Supplied information:

-------

Lemma colouring_of_orientation_ltE a a' : matched Phi a -> matched Phi a' ->
  (Phi (inl a') < Phi (inl a)) = (rankA o a' < rankA o a).
Proof.
rewrite !matched_colouring_of_orientation => /existsP[c top_ac] /existsP[c' top_a'c'].
rewrite (colouring_of_orientation_top top_ac) (colouring_of_orientation_top top_a'c').
apply/idP/idP => [lt_c | /(top_arc_mono top_a'c' top_ac) //].
case: (ltngtP (rankA o a') (rankA o a)) => // [lt_a | /(rankA_inj o_ao) eq_a].
  by have := top_arc_mono top_ac top_a'c' lt_a; rewrite ltnNge (ltnW lt_c).
by rewrite eq_a in top_a'c'; rewrite (top_arc_uniqC top_ac top_a'c') ltnn in lt_c.
Qed.

Lemma rankA_matched_slot (a0 a : 'I_j) :
  matched Phi a -> insubd a0 (rankA o a) \in matched_slots Phi.
Proof.
move=> ma; apply/matched_slotsP => a' ma'; rewrite -(inj_eq val_inj) /=.
rewrite free_slot_colouring_of_orientation // val_insubd (rankA_lt o_ao).
by rewrite (inj_eq (rankA_inj o_ao)); apply: contraNneq ma' => ->.
Qed.

Lemma set_rank_rankA a : matched Phi a ->
  set_rank (matched_slots Phi) (insubd a (rankA o a)) = matched_rank Phi a.
Proof.
move=> ma; have val_rankA (a0 a' : 'I_j) : val (insubd a0 (rankA o a')) = rankA o a'.
  by rewrite val_insubd (rankA_lt o_ao).
rewrite /set_rank /matched_rank -(card_in_imset (f := fun a' => insubd a (rankA o a'))).
  apply: eq_card => w; rewrite inE; apply/andP/imsetP => [[wW lt_w] | [a']].
    have [a' eq_w] := rankA_onto o_ao (ltn_ord w).
    have ma' : matched Phi a'.
      apply/negPn/negP => nma'; move/matched_slotsP/(_ a' nma'): wW.
      by rewrite -(inj_eq val_inj) /= free_slot_colouring_of_orientation // eq_w eqxx.
    exists a'; first by rewrite inE ma' colouring_of_orientation_ltE // eq_w -(val_rankA a a).
    by apply: val_inj; rewrite val_rankA eq_w.
  rewrite inE => /andP[ma' lt_f] ->; split; first exact: rankA_matched_slot.
  by rewrite !val_rankA -colouring_of_orientation_ltE.
by move=> a1 a2 _ _ /(congr1 val); rewrite !val_rankA => /(rankA_inj o_ao).
Qed.

Lemma position_colouring_of_orientation a : position Phi a = rankA o a :> nat.
Proof.
case ma: (matched Phi a); last first.
  by rewrite position_free ?ma // free_slot_colouring_of_orientation ?ma.
have [posW rank_pos] := position_matched Phi_std ma.
have val_slot : val (insubd a (rankA o a)) = rankA o a by rewrite val_insubd (rankA_lt o_ao).
rewrite -val_slot; congr val; apply: set_rank_inj posW (rankA_matched_slot a ma) _.
by rewrite rank_pos set_rank_rankA.
Qed.

Lemma precedes_colouring_of_orientation a c :
  ~~ bG a c -> precedes Phi c a = o (inr c, inl a).
Proof.
move=> nbac; apply/existsP/idP => [[a'] | oca].
  rewrite position_colouring_of_orientation colouring_of_orientationC.
  case/andP=> /andP[]; rewrite matched_colouring_of_orientation => /existsP[c' top_a'c'].
  rewrite position_colouring_of_orientation (colouring_of_orientation_top top_a'c') => le_a le_c.
  apply/negPn/negP => noca.
  have oac : o (inl a, inr c).
    by move: (ao_edge_xor o_ao (x := inl a) (y := inr c) nbac); rewrite (negbTE noca) addbF.
  have arc := connect1 (e := fun x y => o (x, y)).
  have := ao_no_cycle o_ao oac; rewrite (connect_trans (connect_rankC o_ao le_c)) //.
  exact: connect_trans (arc _ _ (top_arc_arc top_a'c')) (connect_rankA o_ao le_a).
have [a' [c' [top_a'c' le_a le_c]]] := top_arc_above o_ao oca.
exists a'; rewrite matched_colouring_of_orientation; apply/andP; split.
  by apply/andP; split; [apply/existsP; exists c' | rewrite !position_colouring_of_orientation].
by rewrite colouring_of_orientationC (colouring_of_orientation_top top_a'c').
Qed.

Lemma orientation_of_colouringK : orientation_of_colouring bG Phi = o.
Proof.
apply/ffunP => -[[a | c] [a' | c']]; rewrite ffunE.
- by rewrite !position_colouring_of_orientation (rankA_ltE o_ao).
- have [bac' | nbac'] := boolP (bG a c').
    by apply/esym/negP => /(ao_edge o_ao); rewrite /= /compl_bridges bac'.
  rewrite precedes_colouring_of_orientation //.
  by move: (ao_edge_xor o_ao (x := inl a) (y := inr c') nbac'); case: (o _); case: (o _).
- have [ba'c | nba'c] := boolP (bG a' c).
    by apply/esym/negP => /(ao_edge o_ao); rewrite /= /compl_bridges ba'c.
  by rewrite precedes_colouring_of_orientation.
- by rewrite !colouring_of_orientationC (rankC_ltE o_ao).
Qed.

End OrientationToColouring.

Lemma colouring_of_orientationK j k (bG : 'I_j -> 'I_k -> bool) (d : 'I_(j + k)) f :
  f \in std_colourings bG -> colouring_of_orientation d (orientation_of_colouring bG f) = f.
Proof.
move=> f_std; apply/ffunP => x; apply: val_inj; rewrite ffunE val_insubd.
case: x => [a | c]; last by rewrite rankC_orientation_of_colouring ?ltn_ord.
case: pickP => [c /(top_arc_colour f_std) eq_f | no_top].
  by rewrite rankC_orientation_of_colouring // -eq_f ltn_ord.
have ma : ~~ matched f a.
  apply/negP => ma; have [c eq_f] := std_colourC_onto f_std ma.
  by have := no_top c; rewrite colour_top_arc.
rewrite rankA_orientation_of_colouring // position_free // (free_slotE ma) subnKC ?ltn_ord //.
by rewrite leqNgt.
Qed.
(* Let $Q=(V,E)$ be a natural join query over binary relations, and let $I$ be an instance in which every relation has at most $N\ge1$ tuples. Let $T_0=R_0^I$ for some relation $R_0\in E$. For $j=0,\dots,m-1$, let $T_{j+1}=T_j\bowtie R_j^I$, where $R_j(X_j,Y_j)\in E$ is a relation such that $X_j$ is an attribute of $T_j$ and $R_j^I$ is light in $X_j$. Let $k$ be the number of distinct attributes of $T_m$. Then $$|T_m|\le N^{k/2}\le\mathrm{AGM}(Q).$$
   Context: A natural join query over binary relations consists of relation symbols, each having exactly two distinct attributes; relations are sets of tuples. The query graph $(V,E)$ has one vertex per attribute and one edge per relation. For a relation $R$ with attribute $X$ and a value $a$, the degree is $d_R(a)=|\{t\in R:t.X=a\}|$. $R$ is light in $X$ if $d_R(a)\le\sqrt N$ for every value $a$. A fractional vertex packing is a map $u:V\to[0,1]$ with $u_x+u_y\le 1$ for every edge $\{x,y\}\in E$. Define $\mathrm{AGM}(Q)=\max_u N^{\sum_{x\in V}u_x}$, the maximum taken over fractional vertex packings $u$. *)

From HB Require Import structures.
From mathcomp Require Import all_boot all_order all_algebra.
From mathcomp Require Import boolp classical_sets reals exp.
Set Implicit Arguments. Unset Strict Implicit. Unset Printing Implicit Defensive.
Import Order.TTheory GRing.Theory Num.Theory.
Local Open Scope ring_scope.

(* Query: attributes V (vertices), relation symbols Rel (edges);
   relation r has the two attributes a1 r, a2 r.
   Instance: I r : {set D * D}, the tuple (p.1, p.2) assigns p.1 to a1 r, p.2 to a2 r.
   A tuple over a schema S : {set V} is a t : {ffun V -> option D} defined exactly on S. *)

Definition tup (V D : finType) := {ffun V -> option D}.

Definition relattrs (V Rel : finType) (a1 a2 : Rel -> V) (r : Rel) : {set V} :=
  [set a1 r; a2 r].

Definition rtuples (V D Rel : finType) (a1 a2 : Rel -> V) (I : Rel -> {set D * D})
  (r : Rel) : {set tup V D} :=
  [set t : tup V D | [exists p in I r,
     t == [ffun x => if x == a1 r then Some p.1
                     else if x == a2 r then Some p.2 else None]]].

Definition restr (V D : finType) (S : {set V}) (t : tup V D) : tup V D :=
  [ffun x => if x \in S then t x else None].

Definition dom (V D : finType) (t : tup V D) : {set V} := [set x | t x != None].

Definition njoin (V D : finType) (S : {set V}) (T : {set tup V D})
  (S' : {set V}) (U : {set tup V D}) : {set tup V D} :=
  [set t : tup V D | [&& dom t == S :|: S', restr S t \in T & restr S' t \in U]].

Definition degree (V D Rel : finType) (a1 a2 : Rel -> V) (I : Rel -> {set D * D})
  (r : Rel) (x : V) (a : D) : nat :=
  #|[set p in I r | (if x == a1 r then p.1 else p.2) == a]|.

Definition light (R : realType) (V D Rel : finType) (a1 a2 : Rel -> V)
  (I : Rel -> {set D * D}) (N : R) (r : Rel) (x : V) : Prop :=
  forall a : D, (degree a1 a2 I r x a)%:R <= Num.sqrt N.

Fixpoint sch (V Rel : finType) (a1 a2 : Rel -> V) (r0 : Rel) (Rs : nat -> Rel)
  (j : nat) : {set V} :=
  match j with
  | 0 => relattrs a1 a2 r0
  | j'.+1 => sch a1 a2 r0 Rs j' :|: relattrs a1 a2 (Rs j')
  end.

Fixpoint Tj (V D Rel : finType) (a1 a2 : Rel -> V) (I : Rel -> {set D * D})
  (r0 : Rel) (Rs : nat -> Rel) (j : nat) : {set tup V D} :=
  match j with
  | 0 => rtuples a1 a2 I r0
  | j'.+1 => njoin (sch a1 a2 r0 Rs j') (Tj a1 a2 I r0 Rs j')
                   (relattrs a1 a2 (Rs j')) (rtuples a1 a2 I (Rs j'))
  end.

Definition vertex_packing (R : realType) (V Rel : finType) (a1 a2 : Rel -> V)
  (u : V -> R) : Prop :=
  (forall x, 0 <= u x <= 1) /\ (forall r, u (a1 r) + u (a2 r) <= 1).

Local Open Scope classical_set_scope.
Definition AGM (R : realType) (V Rel : finType) (a1 a2 : Rel -> V) (N : R) : R :=
  sup [set N `^ (\sum_(x : V) u x) | u in [set u | vertex_packing a1 a2 u]].

(* Join the relations one at a time and count the tuples of T_{j+1} fibrewise
   over T_j.  Lightness of R_j in the join attribute X_j bounds each fibre by
   sqrt N, and a fibre is a singleton when R_j adds no new attribute.  So every
   new attribute costs at most a factor sqrt N, and since T_0 has two attributes
   and at most N tuples, |T_m| <= N^(k/2).  The constant packing u = 1/2 shows
   N^(|V|/2) <= AGM(Q). *)
From HB Require Import structures.
From mathcomp Require Import all_boot all_order all_algebra.
From mathcomp Require Import boolp classical_sets reals exp.
From mathcomp Require Import lra.
Import Order.TTheory GRing.Theory Num.Theory.
Local Open Scope ring_scope.

Section NaturalJoin.
Context {V D : finType}.
Implicit Types (S : {set V}) (T U : {set tup V D}) (t s : tup V D).

Lemma restrE {S x} t : x \in S -> restr S t x = t x.
Proof. by move=> xS; rewrite ffunE xS. Qed.

Lemma njoinP S T S' U t :
  reflect [/\ dom t = S :|: S', restr S t \in T & restr S' t \in U]
          (t \in njoin S T S' U).
Proof.
by rewrite inE; apply: (iffP and3P) => [[/eqP ? ? ?] | [-> ? ?]]; rewrite ?eqxx.
Qed.

Lemma njoin_inj S T S' U t t' :
  t \in njoin S T S' U -> t' \in njoin S T S' U ->
  restr S t = restr S t' -> restr S' t = restr S' t' -> t = t'.
Proof.
move=> /njoinP [dt _ _] /njoinP [dt' _ _] eS eS'; apply/ffunP => x.
have [xS | xNS] := boolP (x \in S).
  by rewrite -(restrE t xS) -(restrE t' xS) eS.
have [xS' | xNS'] := boolP (x \in S').
  by rewrite -(restrE t xS') -(restrE t' xS') eS'.
have xNdom u : dom u = S :|: S' -> u x = None.
  move=> du; have : x \notin dom u by rewrite du !inE negb_or xNS.
  by rewrite /dom inE negbK => /eqP.
by rewrite !xNdom.
Qed.

Definition join_fibre S T S' U s : {set tup V D} :=
  [set t in njoin S T S' U | restr S t == s].

Lemma card_njoin S T S' U :
  #|njoin S T S' U| = (\sum_(s in T) #|join_fibre S T S' U s|)%N.
Proof.
rewrite -sum1_card (partition_big (restr S) (mem T)); last by move=> t /njoinP [].
apply: eq_bigr => s _; rewrite -sum1_card.
by apply: eq_bigl => t; rewrite /join_fibre inE.
Qed.

Lemma card_join_fibre S T S' U s X : X \in S -> X \in S' ->
  (#|join_fibre S T S' U s| <= #|[set u in U | u X == s X]|)%N.
Proof.
move=> XS XS'; rewrite /join_fibre -(@card_in_imset _ _ (restr S')).
  apply/subset_leq_card/fintype.subsetP.
  move=> _ /imsetP [t /setIdP [/njoinP [_ _ tU] /eqP <-] ->].
  by rewrite inE tU (restrE t XS) (restrE t XS') eqxx.
move=> t t' /setIdP [tJ /eqP ts] /setIdP [t'J /eqP t's].
by apply: njoin_inj tJ t'J _; rewrite ts t's.
Qed.

Lemma card_join_fibre_sub S T S' U s : S' \subset S ->
  (#|join_fibre S T S' U s| <= 1)%N.
Proof.
move=> /fintype.subsetP sS'S; apply/card_le1_eqP.
move=> t t' /setIdP [tJ /eqP ts] /setIdP [t'J /eqP t's].
apply: njoin_inj t'J tJ _ _; first by rewrite ts t's.
apply/ffunP => x; rewrite !ffunE; case: ifP => // /sS'S xS.
by rewrite -(restrE t xS) -(restrE t' xS) ts t's.
Qed.

End NaturalJoin.

Section RelationInstance.
Context {V D Rel : finType} {a1 a2 : Rel -> V} {I : Rel -> {set D * D}}.
Context {R : realType} {N : R}.

Definition rel_tuple (r : Rel) (p : D * D) : tup V D :=
  [ffun x => if x == a1 r then Some p.1 else if x == a2 r then Some p.2 else None].

Definition attr_val (r : Rel) (X : V) (p : D * D) : D :=
  if X == a1 r then p.1 else p.2.

Lemma rtuplesE r : rtuples a1 a2 I r = rel_tuple r @: I r.
Proof.
apply/setP => t; rewrite inE.
apply/existsP/imsetP => [[p /andP [pI /eqP ->]] | [p pI ->]]; first by exists p.
by exists p; rewrite pI eqxx.
Qed.

Lemma card_rtuples r : (#|rtuples a1 a2 I r| <= #|I r|)%N.
Proof. by rewrite rtuplesE; apply: leq_imset_card. Qed.

Lemma rel_tuple_at r p X : X \in relattrs a1 a2 r ->
  rel_tuple r p X = Some (attr_val r X p).
Proof.
rewrite /attr_val ffunE !inE.
by case: (X == a1 r) => //= /eqP ->; rewrite eqxx.
Qed.

Lemma card_rtuples_at r X (o : option D) : X \in relattrs a1 a2 r ->
  (#|[set u in rtuples a1 a2 I r | u X == o]|
     <= #|[set p in I r | Some (attr_val r X p) == o]|)%N.
Proof.
move=> Xr; rewrite rtuplesE; apply: leq_trans (leq_imset_card (rel_tuple r) _).
apply/subset_leq_card/fintype.subsetP => _ /setIdP [/imsetP [p pI ->] pX].
by apply: imset_f; rewrite inE pI -rel_tuple_at.
Qed.

Lemma light_card_rtuples_at r X (o : option D) :
  X \in relattrs a1 a2 r -> light a1 a2 I N r X ->
  (#|[set u in rtuples a1 a2 I r | u X == o]|)%:R <= Num.sqrt N.
Proof.
move=> Xr hl.
apply: le_trans (_ : #|[set p in I r | Some (attr_val r X p) == o]|%:R <= _).
  by rewrite ler_nat card_rtuples_at.
case: o => [a | ].
  have -> : [set p in I r | Some (attr_val r X p) == Some a]
            = [set p in I r | attr_val r X p == a].
    by apply/setP => p; rewrite !inE (inj_eq Some_inj).
  exact: hl.
rewrite (_ : [set _ in _ | _] = finset.set0) ?cards0 ?sqrtr_ge0 //.
by apply/setP => p; rewrite !inE andbF.
Qed.

Lemma card_njoin_rtuples (S : {set V}) (T : {set tup V D}) r X :
  X \in relattrs a1 a2 r -> X \in S -> light a1 a2 I N r X ->
  (#|njoin S T (relattrs a1 a2 r) (rtuples a1 a2 I r)|)%:R
    <= (#|T|)%:R * (if relattrs a1 a2 r \subset S then 1 else Num.sqrt N).
Proof.
move=> Xr XS hl; rewrite card_njoin natr_sum mulr_natl -sumr_const.
apply: ler_sum => s _.
case: ifP => [sub | _]; first by rewrite lern1 card_join_fibre_sub.
apply: le_trans (light_card_rtuples_at _ _ (s X) Xr hl).
by rewrite ler_nat card_join_fibre.
Qed.

End RelationInstance.

Section HalfPowers.
Context {R : realType} {N : R} {V : finType}.

Lemma powR_half_card_setU (S S' : {set V}) :
  1 <= N ->
  N `^ (#|S|%:R / 2) * (if S' \subset S then 1 else Num.sqrt N)
    <= N `^ (#|S :|: S'|%:R / 2).
Proof.
move=> N1; have N0 : 0 <= N by lra.
case: ifP => [_ | /negbT nsub].
  rewrite mulr1 ler_powR // ler_pM2r ?invr_gt0 // ler_nat.
  by rewrite subset_leq_card // finset.subsetUl.
rewrite -powR12_sqrt // -powRD; last by apply/implyP => _; lra.
rewrite ler_powR //.
have : (#|S|.+1 <= #|S :|: S'|)%N := proper_card (properUl nsub).
by rewrite -(ler_nat R) -natr1; lra.
Qed.

Context {Rel : finType} {a1 a2 : Rel -> V}.

Lemma half_vertex_packing :
  vertex_packing a1 a2 (fun=> 2^-1 : R).
Proof. by split => [x | r]; [apply/andP; split | ]; lra. Qed.

Lemma powR_half_card_le_AGM (k : nat) :
  1 <= N -> (k <= #|V|)%N -> N `^ (k%:R / 2) <= AGM a1 a2 N.
Proof.
move=> N1 kV; have N0 : 0 <= N by lra.
have bounded : has_ubound [set N `^ (\sum_(x : V) u x) | u in
                             [set u | vertex_packing a1 a2 u]]%classic.
  exists (N `^ #|V|%:R) => _ [u [u01 _] <-].
  rewrite ler_powR // -sum1_card natr_sum; apply: ler_sum => x _.
  by case/andP: (u01 x).
apply: le_trans (ub_le_sup bounded (imageP _ half_vertex_packing)).
rewrite ler_powR // sumr_const -mulr_natr.
have : k%:R <= #|V|%:R :> R by rewrite ler_nat.
lra.
Qed.

End HalfPowers.

Section JoinSequence.
Context {R : realType} {V D Rel : finType} {a1 a2 : Rel -> V}.
Context (hdist : forall r, a1 r != a2 r).
Context {N : R} {I : Rel -> {set D * D}} {r0 : Rel} {Rs : nat -> Rel} {X : nat -> V}.
Context (hN : 1 <= N) (hI : forall r, (#|I r|)%:R <= N).

Lemma card_Tj_le m :
  (forall j, (j < m)%N ->
     [/\ X j \in relattrs a1 a2 (Rs j), X j \in sch a1 a2 r0 Rs j
       & light a1 a2 I N (Rs j) (X j)]) ->
  (#|Tj a1 a2 I r0 Rs m|)%:R <= N `^ (#|sch a1 a2 r0 Rs m|%:R / 2).
Proof.
have N0 : 0 <= N := le_trans ler01 hN.
elim: m => [_ | j IH hX] /=.
  rewrite /relattrs cards2 hdist divff ?pnatr_eq0 // powRr1 //.
  by apply: le_trans (hI r0); rewrite ler_nat card_rtuples.
have [XR XS hl] := hX j (ltnSn j).
apply: le_trans (card_njoin_rtuples _ _ _ _ XR XS hl) _.
apply: le_trans (powR_half_card_setU _ _ hN).
apply: ler_wpM2r; last by apply: IH => i ij; apply: hX; apply: ltnW.
by case: ifP => // _; apply: sqrtr_ge0.
Qed.

End JoinSequence.

Theorem mainTheorem4 (R : realType) (V D Rel : finType) (a1 a2 : Rel -> V)
  (hdist : forall r, a1 r != a2 r)
  (N : R) (hN : 1 <= N) (I : Rel -> {set D * D})
  (hI : forall r, (#|I r|)%:R <= N)
  (r0 : Rel) (m : nat) (Rs : nat -> Rel) (X : nat -> V)
  (hX : forall j, (j < m)%N ->
     [/\ X j \in relattrs a1 a2 (Rs j), X j \in sch a1 a2 r0 Rs j
       & light a1 a2 I N (Rs j) (X j)]) :
  let k := #|sch a1 a2 r0 Rs m| in
  (#|Tj a1 a2 I r0 Rs m|)%:R <= N `^ (k%:R / 2) /\
  N `^ (k%:R / 2) <= AGM a1 a2 N.
Proof.
split; first exact (card_Tj_le hdist hN hI _ hX).
by apply: powR_half_card_le_AGM hN _; apply: max_card.
Qed.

-------

Exercise directions: Find the lines that mention "posW" in the entries and show them.

Written solution:
have [posW rank_pos] := position_matched Phi_std ma.
rewrite -val_slot; congr val; apply: set_rank_inj posW (rankA_matched_slot a ma) _.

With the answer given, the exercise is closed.